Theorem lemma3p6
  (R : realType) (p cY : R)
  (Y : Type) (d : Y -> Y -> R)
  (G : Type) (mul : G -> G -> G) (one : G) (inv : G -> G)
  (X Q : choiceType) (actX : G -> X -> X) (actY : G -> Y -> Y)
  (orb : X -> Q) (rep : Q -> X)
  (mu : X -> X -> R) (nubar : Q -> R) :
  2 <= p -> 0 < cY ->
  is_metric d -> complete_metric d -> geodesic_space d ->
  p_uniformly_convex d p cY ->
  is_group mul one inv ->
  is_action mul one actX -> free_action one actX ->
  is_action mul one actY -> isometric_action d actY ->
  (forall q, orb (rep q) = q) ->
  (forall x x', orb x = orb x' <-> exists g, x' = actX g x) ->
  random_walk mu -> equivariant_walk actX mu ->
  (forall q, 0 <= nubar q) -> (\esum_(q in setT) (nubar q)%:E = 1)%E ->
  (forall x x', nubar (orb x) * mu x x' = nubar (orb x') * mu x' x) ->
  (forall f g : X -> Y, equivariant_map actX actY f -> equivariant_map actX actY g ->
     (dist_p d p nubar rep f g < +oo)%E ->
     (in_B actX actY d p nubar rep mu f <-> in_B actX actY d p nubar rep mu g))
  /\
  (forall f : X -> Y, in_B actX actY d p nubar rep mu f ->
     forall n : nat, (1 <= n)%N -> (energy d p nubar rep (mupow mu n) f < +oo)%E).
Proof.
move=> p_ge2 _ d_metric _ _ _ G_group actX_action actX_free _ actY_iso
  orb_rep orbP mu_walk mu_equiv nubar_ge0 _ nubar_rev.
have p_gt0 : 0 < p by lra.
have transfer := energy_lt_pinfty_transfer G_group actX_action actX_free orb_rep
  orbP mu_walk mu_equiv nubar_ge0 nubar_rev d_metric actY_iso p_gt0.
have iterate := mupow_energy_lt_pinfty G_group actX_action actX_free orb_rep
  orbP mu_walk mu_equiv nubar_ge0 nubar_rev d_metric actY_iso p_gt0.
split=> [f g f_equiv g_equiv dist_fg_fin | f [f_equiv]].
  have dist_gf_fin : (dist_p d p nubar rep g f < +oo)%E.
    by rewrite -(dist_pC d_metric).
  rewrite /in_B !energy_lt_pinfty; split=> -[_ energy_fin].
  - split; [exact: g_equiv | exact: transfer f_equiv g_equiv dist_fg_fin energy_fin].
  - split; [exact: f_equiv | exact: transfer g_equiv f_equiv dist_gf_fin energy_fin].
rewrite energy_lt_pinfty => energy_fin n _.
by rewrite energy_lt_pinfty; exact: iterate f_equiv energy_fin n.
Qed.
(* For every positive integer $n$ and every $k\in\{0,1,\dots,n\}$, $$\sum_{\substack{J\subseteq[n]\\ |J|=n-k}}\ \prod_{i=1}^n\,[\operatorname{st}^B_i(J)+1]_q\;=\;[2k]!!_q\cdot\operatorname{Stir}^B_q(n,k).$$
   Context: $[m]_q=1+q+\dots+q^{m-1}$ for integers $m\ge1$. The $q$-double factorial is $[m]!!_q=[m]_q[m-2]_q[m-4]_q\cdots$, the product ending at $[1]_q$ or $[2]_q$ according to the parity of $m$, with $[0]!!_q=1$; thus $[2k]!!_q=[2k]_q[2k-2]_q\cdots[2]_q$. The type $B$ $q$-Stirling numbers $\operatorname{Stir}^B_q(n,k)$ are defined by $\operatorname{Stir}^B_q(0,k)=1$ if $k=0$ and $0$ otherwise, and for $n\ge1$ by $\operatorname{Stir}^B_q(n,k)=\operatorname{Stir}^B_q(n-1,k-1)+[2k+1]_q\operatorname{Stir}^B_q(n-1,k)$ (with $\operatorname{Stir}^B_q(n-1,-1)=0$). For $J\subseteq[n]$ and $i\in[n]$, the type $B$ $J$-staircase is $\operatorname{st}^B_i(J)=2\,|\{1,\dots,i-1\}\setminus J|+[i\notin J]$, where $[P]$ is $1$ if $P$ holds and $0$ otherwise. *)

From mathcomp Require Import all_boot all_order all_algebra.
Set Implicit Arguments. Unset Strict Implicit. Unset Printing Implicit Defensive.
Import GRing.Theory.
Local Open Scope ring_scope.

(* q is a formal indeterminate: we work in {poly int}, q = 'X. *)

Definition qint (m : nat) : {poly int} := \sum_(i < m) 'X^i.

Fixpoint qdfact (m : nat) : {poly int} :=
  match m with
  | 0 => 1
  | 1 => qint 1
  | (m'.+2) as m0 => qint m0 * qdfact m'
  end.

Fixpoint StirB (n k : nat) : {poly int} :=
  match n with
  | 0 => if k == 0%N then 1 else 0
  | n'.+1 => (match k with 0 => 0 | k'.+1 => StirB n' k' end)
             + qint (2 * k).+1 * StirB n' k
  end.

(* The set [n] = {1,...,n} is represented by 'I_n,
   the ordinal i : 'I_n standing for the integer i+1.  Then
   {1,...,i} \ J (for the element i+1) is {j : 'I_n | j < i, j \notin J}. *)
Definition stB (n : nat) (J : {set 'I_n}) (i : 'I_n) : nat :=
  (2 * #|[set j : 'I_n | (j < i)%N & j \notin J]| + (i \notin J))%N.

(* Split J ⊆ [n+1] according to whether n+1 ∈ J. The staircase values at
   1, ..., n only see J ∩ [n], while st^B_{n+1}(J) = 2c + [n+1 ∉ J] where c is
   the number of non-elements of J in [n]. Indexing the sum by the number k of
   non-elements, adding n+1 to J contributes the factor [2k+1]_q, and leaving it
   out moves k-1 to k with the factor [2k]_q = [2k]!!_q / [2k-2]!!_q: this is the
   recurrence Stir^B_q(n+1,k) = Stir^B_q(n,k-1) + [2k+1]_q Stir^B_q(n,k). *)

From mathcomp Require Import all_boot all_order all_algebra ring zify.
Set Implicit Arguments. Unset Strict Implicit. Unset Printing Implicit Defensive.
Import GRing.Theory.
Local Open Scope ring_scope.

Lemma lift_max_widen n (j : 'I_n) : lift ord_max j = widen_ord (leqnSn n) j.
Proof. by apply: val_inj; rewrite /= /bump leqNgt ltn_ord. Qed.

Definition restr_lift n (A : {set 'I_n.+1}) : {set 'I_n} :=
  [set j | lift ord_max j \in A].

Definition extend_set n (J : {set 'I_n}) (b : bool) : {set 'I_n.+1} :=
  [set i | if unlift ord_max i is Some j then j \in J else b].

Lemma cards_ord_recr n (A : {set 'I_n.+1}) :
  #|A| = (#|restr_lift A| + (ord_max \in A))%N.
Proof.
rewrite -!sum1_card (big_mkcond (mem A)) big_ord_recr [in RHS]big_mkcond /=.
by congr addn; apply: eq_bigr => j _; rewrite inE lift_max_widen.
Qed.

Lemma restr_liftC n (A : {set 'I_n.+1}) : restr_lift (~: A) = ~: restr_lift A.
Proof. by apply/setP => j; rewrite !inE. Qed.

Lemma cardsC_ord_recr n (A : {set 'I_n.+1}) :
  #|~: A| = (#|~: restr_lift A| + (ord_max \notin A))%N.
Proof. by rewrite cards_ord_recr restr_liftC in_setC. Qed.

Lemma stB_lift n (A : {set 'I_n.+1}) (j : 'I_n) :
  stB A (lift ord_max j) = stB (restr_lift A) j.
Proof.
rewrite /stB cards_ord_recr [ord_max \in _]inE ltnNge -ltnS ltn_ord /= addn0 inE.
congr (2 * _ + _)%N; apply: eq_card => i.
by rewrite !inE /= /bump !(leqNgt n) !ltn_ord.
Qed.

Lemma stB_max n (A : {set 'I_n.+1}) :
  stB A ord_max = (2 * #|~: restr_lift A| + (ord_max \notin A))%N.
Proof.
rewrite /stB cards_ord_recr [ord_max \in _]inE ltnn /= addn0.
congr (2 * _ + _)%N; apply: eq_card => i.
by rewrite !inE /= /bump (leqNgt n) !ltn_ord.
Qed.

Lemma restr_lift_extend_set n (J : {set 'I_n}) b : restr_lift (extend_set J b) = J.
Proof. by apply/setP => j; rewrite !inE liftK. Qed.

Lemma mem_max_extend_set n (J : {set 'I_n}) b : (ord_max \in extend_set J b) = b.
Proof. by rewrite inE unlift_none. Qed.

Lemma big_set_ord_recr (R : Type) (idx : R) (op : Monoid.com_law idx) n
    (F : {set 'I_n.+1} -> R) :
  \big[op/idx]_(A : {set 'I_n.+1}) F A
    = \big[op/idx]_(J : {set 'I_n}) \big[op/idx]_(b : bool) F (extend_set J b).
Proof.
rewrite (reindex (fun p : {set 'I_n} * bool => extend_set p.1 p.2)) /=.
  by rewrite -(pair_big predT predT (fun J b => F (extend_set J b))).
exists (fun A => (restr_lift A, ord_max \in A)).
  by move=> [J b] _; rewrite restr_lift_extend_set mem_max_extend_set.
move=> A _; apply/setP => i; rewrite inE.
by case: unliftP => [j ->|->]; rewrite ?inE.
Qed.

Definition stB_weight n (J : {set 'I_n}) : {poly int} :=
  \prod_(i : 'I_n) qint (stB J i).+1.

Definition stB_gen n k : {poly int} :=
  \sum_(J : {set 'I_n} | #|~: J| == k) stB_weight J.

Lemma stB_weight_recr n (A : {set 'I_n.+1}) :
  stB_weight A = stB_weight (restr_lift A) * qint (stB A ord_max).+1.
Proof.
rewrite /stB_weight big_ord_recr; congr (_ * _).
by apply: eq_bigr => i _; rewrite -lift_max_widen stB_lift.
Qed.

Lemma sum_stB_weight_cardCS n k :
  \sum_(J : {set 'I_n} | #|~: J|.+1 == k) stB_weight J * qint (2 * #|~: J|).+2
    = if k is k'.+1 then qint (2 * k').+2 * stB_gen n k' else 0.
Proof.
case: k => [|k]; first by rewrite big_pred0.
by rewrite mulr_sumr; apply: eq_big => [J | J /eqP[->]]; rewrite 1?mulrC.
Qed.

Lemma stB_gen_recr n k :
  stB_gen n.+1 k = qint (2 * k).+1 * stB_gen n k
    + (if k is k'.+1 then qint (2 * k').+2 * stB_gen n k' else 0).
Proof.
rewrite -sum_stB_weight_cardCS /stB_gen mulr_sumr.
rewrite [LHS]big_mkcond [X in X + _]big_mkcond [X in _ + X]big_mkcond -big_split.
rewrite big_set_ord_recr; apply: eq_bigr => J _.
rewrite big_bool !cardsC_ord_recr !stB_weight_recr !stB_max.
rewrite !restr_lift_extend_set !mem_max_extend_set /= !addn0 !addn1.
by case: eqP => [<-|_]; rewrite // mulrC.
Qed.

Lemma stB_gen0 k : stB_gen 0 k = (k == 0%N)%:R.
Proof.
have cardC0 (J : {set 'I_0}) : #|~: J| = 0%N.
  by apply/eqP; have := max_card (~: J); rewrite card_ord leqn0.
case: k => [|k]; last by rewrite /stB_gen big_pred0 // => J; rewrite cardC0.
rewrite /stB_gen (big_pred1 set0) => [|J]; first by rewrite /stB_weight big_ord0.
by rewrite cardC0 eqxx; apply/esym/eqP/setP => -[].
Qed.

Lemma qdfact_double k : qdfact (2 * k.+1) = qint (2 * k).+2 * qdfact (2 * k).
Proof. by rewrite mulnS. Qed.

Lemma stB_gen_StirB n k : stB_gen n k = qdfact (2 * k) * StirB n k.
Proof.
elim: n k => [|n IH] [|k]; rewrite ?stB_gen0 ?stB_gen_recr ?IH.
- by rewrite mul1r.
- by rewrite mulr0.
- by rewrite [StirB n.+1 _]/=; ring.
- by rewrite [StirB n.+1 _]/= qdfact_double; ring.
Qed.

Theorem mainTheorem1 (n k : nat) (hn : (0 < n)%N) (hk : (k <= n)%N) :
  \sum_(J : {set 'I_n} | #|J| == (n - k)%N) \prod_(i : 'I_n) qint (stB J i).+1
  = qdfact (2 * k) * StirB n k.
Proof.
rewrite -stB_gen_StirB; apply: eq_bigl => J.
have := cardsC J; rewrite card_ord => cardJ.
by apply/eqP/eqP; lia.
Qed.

※

● Exercise description
Count how many lines in the entries hold "setP" and reply with that number alone.

● Task response
4